###1. Using the 173 majors listed in fivethirtyeight.com’s College Majors dataset [https://fivethirtyeight.com/features/the-economic-guide-to-picking-a-college-major/], provide code that identifies the majors that contain either “DATA” or “STATISTICS”

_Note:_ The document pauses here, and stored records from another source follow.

Variable level : nat -> nat.
Hypothesis spine_avoided : forall m, U (fun n => forall j, level m < j -> ~ psi n (Some (m, j))).
Hypothesis psi_lower_limit : lower_limit U psi None.

Definition rises_on (n m : nat) : Prop := exists j, level m < j /\ psi n (Some (m, j)).

Lemma rises_somewhere_often : U (fun n => ~ psi n None /\ exists m, rises_on n m).
Proof.
  pose proof (psi_lower_limit _ (basic_nbhd_open level) I) as Hmeet.
  apply (filter_mono U U_filter _ _ (filter_and U U_filter _ _ Hmeet psi_avoids_infinity)).
  intros n [([[m j] |] & Hpsi & Hj) Hinf]; [| contradiction].
  split; [exact Hinf |]; now exists m, j.
Qed.

Lemma exists_first_rising_spine :
  exists r, forall n, (exists m, rises_on n m) ->
    rises_on n (r n) /\ forall m, m < r n -> ~ rises_on n m.
Proof.
  apply (partial_choice 0 (fun n => exists m, rises_on n m)
           (fun n k => rises_on n k /\ forall m, m < k -> ~ rises_on n m)).
  intros n; apply exists_least.
Qed.

Variable r : nat -> nat.
Hypothesis r_first : forall n, (exists m, rises_on n m) ->
  rises_on n (r n) /\ forall m, m < r n -> ~ rises_on n m.

Lemma first_rising_spine_finite_to_one :
  exists A, U A /\ forall k, exists N, forall n, A n -> r n = k -> n < N.
Proof.
  destruct (U_P_point r) as (A & HA & [[c Hc] | Hfin]); [exfalso | now exists A].
  pose proof (filter_and U U_filter _ _ (filter_and U U_filter _ _ HA rises_somewhere_often)
                (spine_avoided c)) as Hbad.
  destruct (filter_nonempty U U_filter _ Hbad) as (n & (An & _ & Hrise) & Havoid).
  destruct (r_first n Hrise) as [[j [Hj Hpsi]] _]; rewrite (Hc n An) in Hj, Hpsi.
  exact (Havoid j Hj Hpsi).
Qed.

Lemma initial_segment_spine_bound (m B : nat) :
  exists K, forall i j, i < B -> ~ psi i None -> K < j -> ~ psi i (Some (m, j)).
Proof.
  induction B as [| B [K HK]]; [exists 0; lia |].
  destruct (classic (psi B None)) as [HB | HB].
  - exists K; intros i j Hi Hinf Hj.
    destruct (Nat.eq_dec i B) as [-> | Hne]; [contradiction |].
    apply (HK i j); [lia | exact Hinf | exact Hj].
  - destruct (psi_closed B HB m) as [KB HKB]; exists (K + KB); intros i j Hi Hinf Hj.
    destruct (Nat.eq_dec i B) as [-> | Hne]; [apply HKB; lia |].
    apply (HK i j); [lia | exact Hinf | lia].
Qed.
(* Let $G$ be a strongly connected digraph with $n\geq 2$ vertices. (1) If $G$ contains an $m$-wheel for some $m\geq 1$, then $G$ admits a boolean nilpotent function of class at most $2n-m+1$. (2) If $G$ has a loop, then $G$ admits a boolean nilpotent function of class at most $2n-1$.
   Context: Digraphs may have loops but no multiple arcs. For $m\geq 1$, the $m$-wheel $W_m$ is the digraph obtained from a directed cycle $C_m$ of length $m$ (for $m=1$, a single vertex with a loop) by adding a new vertex $v$ (the center) and an arc from $v$ to every vertex of $C_m$; $G$ contains an $m$-wheel if some subgraph of $G$ is isomorphic to $W_m$. A boolean function on $[n]$ is a map $f:\{0,1\}^n\to\{0,1\}^n$; its (unsigned) interaction graph has an arc $(j,i)$ iff $f_i$ depends essentially on $x_j$, i.e. $f_i(a)\neq f_i(b)$ for some $a,b$ differing only in coordinate $j$. $G$ admits $f$ if the interaction graph of $f$ equals $G$. $f$ is nilpotent if $f^k$ is constant for some $k\geq 0$ ($f^0=\mathrm{id}$); the least such $k$ is its class. *)

From mathcomp Require Import all_boot.
Set Implicit Arguments. Unset Strict Implicit. Unset Printing Implicit Defensive.

(* A digraph on vertex set [n] = 'I_n, loops allowed, no multiple arcs:
   G : rel 'I_n, with G u v meaning there is an arc (u,v). *)

Definition config (n : nat) := {ffun 'I_n -> bool}.

Definition bfun (n : nat) := config n -> config n.

Definition depends (n : nat) (f : bfun n) (j i : 'I_n) : Prop :=
  exists a b : config n,
    (forall l, l != j -> a l = b l) /\ f a i != f b i.

Definition admits (n : nat) (G : rel 'I_n) (f : bfun n) : Prop :=
  forall j i : 'I_n, G j i <-> depends f j i.

Definition strongly_connected (n : nat) (G : rel 'I_n) : Prop :=
  forall u v : 'I_n, connect G u v.

(* Cycle vertices c 0, ..., c (m-1) with arcs c k -> c (k+1 mod m)
   (a loop when m = 1), and a center v distinct from them with arcs v -> c k. *)
Definition contains_wheel (n : nat) (G : rel 'I_n) (m : nat) : Prop :=
  exists (v : 'I_n) (c : 'I_m -> 'I_n),
    injective c /\ (forall k, c k != v) /\
    (forall k, G (c k) (c (ordS k))) /\ (forall k, G v (c k)).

data=read.csv('https://raw.githubusercontent.com/fivethirtyeight/data/master/college-majors/all-ages.csv',header=T)
head(data)
## Major_code Major
## 1 1100 GENERAL AGRICULTURE
## 2 1101 AGRICULTURE PRODUCTION AND MANAGEMENT
## 3 1102 AGRICULTURAL ECONOMICS
## 4 1103 ANIMAL SCIENCES
## 5 1104 FOOD SCIENCE
## 6 1105 PLANT SCIENCE AND AGRONOMY
## Major_category Total Employed Employed_full_time_year_round
## 1 Agriculture & Natural Resources 128148 90245 74078
## 2 Agriculture & Natural Resources 95326 76865 64240
## 3 Agriculture & Natural Resources 33955 26321 22810
## 4 Agriculture & Natural Resources 103549 81177 64937
## 5 Agriculture & Natural Resources 24280 17281 12722
## 6 Agriculture & Natural Resources 79409 63043 51077
## Unemployed Unemployment_rate Median P25th P75th
## 1 2423 0.02614711 50000 34000 80000
## 2 2266 0.02863606 54000 36000 80000
## 3 821 0.03024832 63000 40000 98000
## 4 3619 0.04267890 46000 30000 72000
## 5 894 0.04918845 62000 38500 90000
## 6 2070 0.03179089 50000 35000 75000
library(dplyr)
##
## Attaching package: 'dplyr'
## The following objects are masked from 'package:stats':
##
## filter, lag
## The following objects are masked from 'package:base':
##
## intersect, setdiff, setequal, union
library(tidyverse)
## -- Attaching packages --------------------------------------- tidyverse 1.3.0 --
## v ggplot2 3.3.3 v purrr 0.3.4
## v tibble 3.0.6 v stringr 1.4.0
## v tidyr 1.1.2 v forcats 0.5.1
## v readr 1.4.0
## -- Conflicts ------------------------------------------ tidyverse_conflicts() --
## x dplyr::filter() masks stats::filter()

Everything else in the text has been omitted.